Dataset content:
(* Let $U=\begin{bmatrix} a & b\\ c & d\end{bmatrix}$ be a $2\times 2$ unitary matrix with either $abcd\neq0$ or $a=0$. Then $\mathcal{M}_s(U)\setminus(\mathcal{M}_{unif}\cup\mathcal{M}_{exp})\neq\emptyset$, i.e. the quantum walk defined by $U$ has a stationary measure that is neither uniform nor of the exponential form defining $\mathcal{M}_{exp}$.
   Context: Two-state quantum walk on $\mathbb{Z}$: states $\Psi=(\Psi(x))_{x\in\mathbb{Z}}\in(\mathbb{C}^2)^{\mathbb{Z}}$, $\Psi(x)={}^T[\Psi^L(x),\Psi^R(x)]$; evolution $(U^{(s)}\Psi)^L(x)=a\Psi^L(x+1)+b\Psi^R(x+1)$, $(U^{(s)}\Psi)^R(x)=c\Psi^L(x-1)+d\Psi^R(x-1)$. $\phi(\Psi)(x)=|\Psi^L(x)|^2+|\Psi^R(x)|^2$. $\mathcal{M}_s(U)=\{\mu\in[0,\infty)^{\mathbb{Z}}\setminus\{0\}:\exists\Psi_0$ with $\phi((U^{(s)})^n\Psi_0)=\mu$ for all $n\ge0\}$. $\mathcal{M}_{unif}=\{\mu_u^{(c)}:c>0\}$ with $\mu_u^{(c)}(x)=c$ for all $x$. $\mathcal{M}_{exp}$ is the set of measures $\mu$ on $\mathbb{Z}$ for which there exist constants $C_+,C_0,C_->0$ and $\gamma\in(0,1)$ with $\mu(x)=C_+\gamma^{-|x|}$ for $x\ge1$, $\mu(0)=C_0$, $\mu(x)=C_-\gamma^{-|x|}$ for $x\le -1$. *)

(* Complex numbers: an arbitrary numClosedFieldType C
   (e.g. algC). *)
From HB Require Import structures.
From mathcomp Require Import all_boot all_order all_algebra.
Set Implicit Arguments. Unset Strict Implicit. Unset Printing Implicit Defensive.
Import Order.TTheory GRing.Theory Num.Theory.
Local Open Scope ring_scope.

(* A state Psi : int -> C * C, Psi x = (Psi^L(x), Psi^R(x)). *)
Definition qstate (C : numClosedFieldType) := int -> C * C.

Definition unitary (C : numClosedFieldType) (U : 'M[C]_2) : Prop :=
  U *m (map_mx Num.conj U)^T = 1%:M.

Definition walk_step (C : numClosedFieldType) (U : 'M[C]_2) (Psi : qstate C)
  : qstate C :=
  fun x =>
    (U 0 0 * (Psi (x + 1)).1 + U 0 1 * (Psi (x + 1)).2,
     U 1 0 * (Psi (x - 1)).1 + U 1 1 * (Psi (x - 1)).2).

Definition phi (C : numClosedFieldType) (Psi : qstate C) : int -> C :=
  fun x => `|(Psi x).1| ^+ 2 + `|(Psi x).2| ^+ 2.

Definition stationary_measure (C : numClosedFieldType) (U : 'M[C]_2)
  (mu : int -> C) : Prop :=
  (forall x, 0 <= mu x) /\ (exists x, mu x != 0) /\
  exists Psi0 : qstate C,
    forall n : nat, phi (iter n (walk_step U) Psi0) = mu.

Definition uniform_measure (C : numClosedFieldType) (mu : int -> C) : Prop :=
  exists c : C, 0 < c /\ forall x, mu x = c.

Definition exp_measure (C : numClosedFieldType) (mu : int -> C) : Prop :=
  exists (Cp C0 Cm gamma : C),
    [/\ 0 < Cp, 0 < C0, 0 < Cm, 0 < gamma & gamma < 1] /\
    (forall x : int, (1 <= x)%R -> mu x = Cp * gamma ^- (absz x)) /\
    mu 0 = C0 /\
    (forall x : int, (x <= -1)%R -> mu x = Cm * gamma ^- (absz x)).

(** Both walks have an eigenstate of the evolution with eigenvalue of modulus
    one, so its measure is stationary.  If [abcd <> 0], take a square root [l]
    of [det U]; the geometric state [x |-> z^x (l z - d, c)] is an eigenstate
    with eigenvalue [l] as soon as [a z^2 - 2 l z + d = 0], and unitarity
    ([d = l^2 conj(a)], [|a|^2 + |b|^2 = 1]) yields the root
    [z = l (1 + |b|) / a], of modulus [(1 + |b|) / |a| > 1].  Its measure
    [|z|^(2x) mu(0)] is not constant and decreases to the left, whereas
    measures in [M_exp] increase in both directions.  If [a = 0], then [d = 0]
    and a state supported on [{0, 1}] is an eigenstate; its measure vanishes
    at [2], while uniform and exponential measures are positive everywhere. *)
From mathcomp Require Import all_boot all_order all_algebra.
From mathcomp Require Import ring zify.
From Stdlib Require Import FunctionalExtensionality.
Set Implicit Arguments. Unset Strict Implicit. Unset Printing Implicit Defensive.
Import Order.TTheory GRing.Theory Num.Theory.
Local Open Scope ring_scope.

Section QuantumWalk.

Variable C : numClosedFieldType.
Implicit Types (U : 'M[C]_2) (Psi : qstate C) (mu : int -> C).

Lemma norm_eq1_mul_conj (x : C) : x * x^* = 1 -> `|x| = 1.
Proof. by move=> h; apply/eqP; rewrite -sqrp_eq1 // normCK h. Qed.

Lemma sqrtC_norm1 (x : C) : `|x| = 1 -> `|sqrtC x| = 1.
Proof. by move=> hx; apply/eqP; rewrite -sqrp_eq1 // -normrX sqrtCK hx. Qed.

Lemma unitary_entries U : unitary U ->
  [/\ U 0 0 * (U 0 0)^* + U 0 1 * (U 0 1)^* = 1,
      U 0 0 * (U 1 0)^* + U 0 1 * (U 1 1)^* = 0 &
      U 1 0 * (U 1 0)^* + U 1 1 * (U 1 1)^* = 1].
Proof.
rewrite /unitary => HU.
have E i j : \sum_k U i k * (U j k)^* = (i == j)%:R.
  have := congr1 (fun M : 'M[C]_2 => M i j) HU; rewrite !mxE => <-.
  by apply: eq_bigr => k _; rewrite !mxE.
have o1 : lift ord0 ord0 = 1 :> 'I_2 by apply/val_inj.
by split; [have := E 0 0 | have := E 0 1 | have := E 1 1];
  rewrite big_ord_recl big_ord1 o1.
Qed.

(* Orthonormality of the rows forces [(c, d) = det U * (- conj b, conj a)]. *)
Lemma unitary2_det (a b c d : C) :
  a * a^* + b * b^* = 1 -> a * c^* + b * d^* = 0 -> c * c^* + d * d^* = 1 ->
  d = (a * d - b * c) * a^* /\ `|a * d - b * c| = 1.
Proof.
move=> Hab Horth Hcd; set D := a * d - b * c.
have Horth' : a^* * c + b^* * d = 0.
  have := congr1 Num.conj Horth.
  by rewrite rmorphD !rmorphM /= !conjCK rmorph0 mulrC [b^* * _]mulrC.
have Ed : d = D * a^*.
  apply/eqP; rewrite -subr_eq0.
  have -> : d - D * a^* = d * (1 - (a * a^* + b * b^*)) + b * (a^* * c + b^* * d).
    by rewrite /D; ring.
  by rewrite Hab Horth' subrr mulr0 mulr0 addr0.
have Ec : c = - (D * b^*).
  apply/eqP; rewrite -subr_eq0.
  have -> : c - - (D * b^*) = c * (1 - (a * a^* + b * b^*)) + a * (a^* * c + b^* * d).
    by rewrite /D; ring.
  by rewrite Hab Horth' subrr mulr0 mulr0 addr0.
split=> //; apply: norm_eq1_mul_conj; clearbody D.
by rewrite -Hcd -[LHS]mulr1 -Hab Ec Ed rmorphN !rmorphM /= !conjCK; ring.
Qed.

Definition eigenstate U (l : C) Psi :=
  forall x, walk_step U Psi x = (l * (Psi x).1, l * (Psi x).2).

Lemma iter_eigenstate U l Psi n x : eigenstate U l Psi ->
  iter n (walk_step U) Psi x = (l ^+ n * (Psi x).1, l ^+ n * (Psi x).2).
Proof.
move=> hPsi; elim: n x => [|n IH] x /=; first by rewrite !mul1r; case: (Psi x).
have := hPsi x; rewrite /walk_step !IH /= => -[h1 h2].
by congr pair; rewrite exprSr -mulrA; [rewrite -h1 | rewrite -h2]; ring.
Qed.

Lemma phi_ge0 Psi x : 0 <= phi Psi x.
Proof. by rewrite /phi addr_ge0 // exprn_ge0. Qed.

Lemma phi_eq0 Psi x : (phi Psi x == 0) = ((Psi x).1 == 0) && ((Psi x).2 == 0).
Proof. by rewrite /phi paddr_eq0 ?exprn_ge0 // !sqrf_eq0 !normr_eq0. Qed.

Lemma eigenstate_stationary U l Psi x0 :
  eigenstate U l Psi -> `|l| = 1 -> phi Psi x0 != 0 ->
  stationary_measure U (phi Psi).
Proof.
move=> hPsi hl hx0; split; [exact: phi_ge0 | split; first by exists x0].
exists Psi => n; apply: functional_extensionality => x.
by rewrite /phi (iter_eigenstate n x hPsi) /= !normrM normrX hl expr1n !mul1r.
Qed.

Lemma uniform_measure_const mu x y : uniform_measure mu -> mu x = mu y.
Proof. by case=> c [_ hc]; rewrite !hc. Qed.

Lemma uniform_measure_gt0 mu x : uniform_measure mu -> 0 < mu x.
Proof. by case=> c [c_gt0 ->]. Qed.

Lemma exp_measure_gt0 mu x : exp_measure mu -> 0 < mu x.
Proof.
case=> [Cp [C0 [Cm [g [[Cp_gt0 C0_gt0 Cm_gt0 g_gt0 _] [hp [h0 hm]]]]]]].
have pos (K : C) n : 0 < K -> 0 < K * g ^- n.
  by move=> K_gt0; rewrite mulr_gt0 // invr_gt0 exprn_gt0.
case: (ltrgtP x 0) => [x_lt0 | x_gt0 | ->]; last by rewrite h0.
- by rewrite hm ?pos //; lia.
- by rewrite hp ?pos //; lia.
Qed.

Lemma exp_measure_increasing_left mu : exp_measure mu -> mu (-1) < mu (-2).
Proof.
case=> [Cp [C0 [Cm [g [[_ _ Cm_gt0 g_gt0 g_lt1] [_ [_ hm]]]]]]].
rewrite !hm // ltr_pM2l // ltf_pV2 ?posrE ?exprn_gt0 //.
by rewrite expr1 expr2 gtr_pMr.
Qed.

Definition geom_state (z p q : C) : qstate C := fun x => (z ^ x * p, z ^ x * q).

Lemma phi_geom_stateD1 z p q x : z != 0 ->
  phi (geom_state z p q) (x + 1) = `|z| ^+ 2 * phi (geom_state z p q) x.
Proof.
move=> z_neq0; rewrite /phi /geom_state /= exprzDr ?unitfE // expr1z.
by rewrite !normrM !exprMn; ring.
Qed.

Lemma geom_state_eigenstate U z l : z != 0 ->
  l ^+ 2 = U 0 0 * U 1 1 - U 0 1 * U 1 0 ->
  U 0 0 * z ^+ 2 - 2 * l * z + U 1 1 = 0 ->
  eigenstate U l (geom_state z (l * z - U 1 1) (U 1 0)).
Proof.
move=> z_neq0 hl hz x; rewrite /walk_step /geom_state /=.
rewrite !exprzDr ?unitfE // expr1z exprN1; congr pair; last by field.
apply/eqP; rewrite -subr_eq0; apply/eqP.
transitivity (z ^ x * l * (U 0 0 * z ^+ 2 - 2 * l * z + U 1 1)
              + z ^ x * z * (l ^+ 2 - (U 0 0 * U 1 1 - U 0 1 * U 1 0))); first by ring.
by rewrite hz hl subrr !mulr0 addr0.
Qed.

Lemma geom_measure_not_unif_exp z p q :
  1 < `|z| -> phi (geom_state z p q) 0 != 0 ->
  ~ uniform_measure (phi (geom_state z p q)) /\
  ~ exp_measure (phi (geom_state z p q)).
Proof.
move=> z_gt1 mu0_neq0; have z_neq0 : z != 0.
  by rewrite -normr_eq0 gt_eqF // (lt_trans ltr01 z_gt1).
have z2_gt1 : 1 < `|z| ^+ 2 by rewrite expr_gt1 // ltW.
split=> [/uniform_measure_const mu_const | /exp_measure_increasing_left].
- have := mu_const (0 + 1) 0; rewrite phi_geom_stateD1 //.
  by move/(canRL (mulfK mu0_neq0)); rewrite divff // => /eqP; rewrite gt_eqF.
- have -> : (-1 : int)%R = -2 + 1 by [].
  by rewrite phi_geom_stateD1 // => /lt_geF; rewrite ler_peMl ?phi_ge0 // ltW.
Qed.

Lemma vanishing_measure_not_unif_exp mu x : mu x = 0 ->
  ~ uniform_measure mu /\ ~ exp_measure mu.
Proof.
by move=> mux0; split=> [/uniform_measure_gt0 | /exp_measure_gt0] /(_ x);
  rewrite mux0 ltxx.
Qed.

Definition walk_root (a b l : C) := l * (1 + `|b|) / a.

Lemma walk_root_eq (a b l : C) : a != 0 -> a * a^* + b * b^* = 1 ->
  a * walk_root a b l ^+ 2 - 2 * l * walk_root a b l + l ^+ 2 * a^* = 0.
Proof.
move=> a_neq0 Hab; apply: (mulfI a_neq0); rewrite mulr0.
have Haa : a * a^* = 1 - `|b| ^+ 2 by rewrite normCK -Hab addrK.
transitivity (l ^+ 2 * (a * a^* - (1 - `|b| ^+ 2))); first by rewrite /walk_root; field.
by rewrite Haa subrr mulr0.
Qed.

Lemma walk_root_norm_gt1 (a b l : C) : `|l| = 1 -> a != 0 -> b != 0 ->
  a * a^* + b * b^* = 1 -> 1 < `|walk_root a b l|.
Proof.
move=> hl a_neq0 b_neq0 Hab.
have a_gt0 : 0 < `|a| by rewrite normr_gt0.
have a_le1 : `|a| <= 1.
  by rewrite -(expr_le1 (n := 2)) ?normr_ge0 // -Hab normCK lerDl -normCK exprn_ge0.
rewrite /walk_root normf_div normrM hl mul1r ger0_norm ?addr_ge0 ?ler01 //.
by rewrite ltr_pdivlMr // mul1r (le_lt_trans a_le1) // ltrDl normr_gt0.
Qed.

Definition dimer_state (l c : C) : qstate C :=
  fun x => (if x == 0 then l else 0, if x == 1 then c else 0).

Lemma dimer_state_eigenstate U l : U 0 0 = 0 -> U 1 1 = 0 ->
  l ^+ 2 = U 0 1 * U 1 0 -> eigenstate U l (dimer_state l (U 1 0)).
Proof.
move=> a0 d0 hl x; rewrite /walk_step /dimer_state /= a0 d0 !mul0r add0r addr0.
have -> : (x + 1 == 1) = (x == 0) by rewrite -{2}(add0r 1) (inj_eq (addIr 1)).
rewrite subr_eq0.
by congr pair; [case: (x == 0) | case: (x == 1)]; rewrite ?mulr0 // mulrC.
Qed.

End QuantumWalk.

Theorem theorem2 (C : numClosedFieldType) (U : 'M[C]_2) :
  unitary U ->
  (U 0 0 * U 0 1 * U 1 0 * U 1 1 != 0 \/ U 0 0 = 0) ->
  exists mu : int -> C,
    stationary_measure U mu /\ ~ uniform_measure mu /\ ~ exp_measure mu.
Proof.
move=> /unitary_entries[Hab Horth Hcd] Hcase.
have [Hd HD] := unitary2_det Hab Horth Hcd.
set a := U 0 0 in Hab Horth Hd HD Hcase *; set b := U 0 1 in Hab Horth Hd HD Hcase *.
set c := U 1 0 in Horth Hcd Hd HD Hcase *; set d := U 1 1 in Horth Hcd Hd HD Hcase *.
case: Hcase => [|a0].
- rewrite !mulf_eq0 !negb_or => /andP[/andP[/andP[a_neq0 b_neq0] c_neq0] _].
  set l := sqrtC (a * d - b * c); have hl := sqrtC_norm1 HD.
  have hl2 : l ^+ 2 = a * d - b * c by rewrite sqrtCK.
  have z_gt1 := walk_root_norm_gt1 hl a_neq0 b_neq0 Hab.
  set z := walk_root a b l in z_gt1.
  have z_neq0 : z != 0 by rewrite -normr_eq0 gt_eqF // (lt_trans ltr01 z_gt1).
  have hz : a * z ^+ 2 - 2 * l * z + d = 0 by rewrite Hd -hl2 walk_root_eq.
  have hPsi := geom_state_eigenstate z_neq0 hl2 hz.
  have phi0 : phi (geom_state z (l * z - d) c) 0 != 0.
    by rewrite phi_eq0 /= expr0z !mul1r (negbTE c_neq0) andbF.
  exists (phi (geom_state z (l * z - d) c)); split.
    exact: eigenstate_stationary hPsi hl phi0.
  exact: geom_measure_not_unif_exp z_gt1 phi0.
- have d0 : d = 0 by rewrite Hd a0 conjC0 mulr0.
  have hb : `|b| = 1 by apply: norm_eq1_mul_conj; rewrite -Hab a0 mul0r add0r.
  have hc : `|c| = 1 by apply: norm_eq1_mul_conj; rewrite -Hcd d0 mul0r addr0.
  set l := sqrtC (b * c).
  have hl : `|l| = 1 by rewrite sqrtC_norm1 // normrM hb hc mulr1.
  have hPsi := dimer_state_eigenstate a0 d0 (sqrtCK (b * c)).
  have phi0 : phi (dimer_state l c) 0 != 0.
    by rewrite phi_eq0 /= -normr_eq0 hl oner_eq0.
  exists (phi (dimer_state l c)); split.
    exact: eigenstate_stationary hPsi hl phi0.
  by apply: (@vanishing_measure_not_unif_exp _ _ 2); apply/eqP; rewrite phi_eq0 /= eqxx.
Qed.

Aim of the exercise:
Copy out every line of the entries where the string "sqrtCK" shows up.

Result:
Proof. by move=> hx; apply/eqP; rewrite -sqrp_eq1 // -normrX sqrtCK hx. Qed.
  have hl2 : l ^+ 2 = a * d - b * c by rewrite sqrtCK.
  have hPsi := dimer_state_eigenstate a0 d0 (sqrtCK (b * c)).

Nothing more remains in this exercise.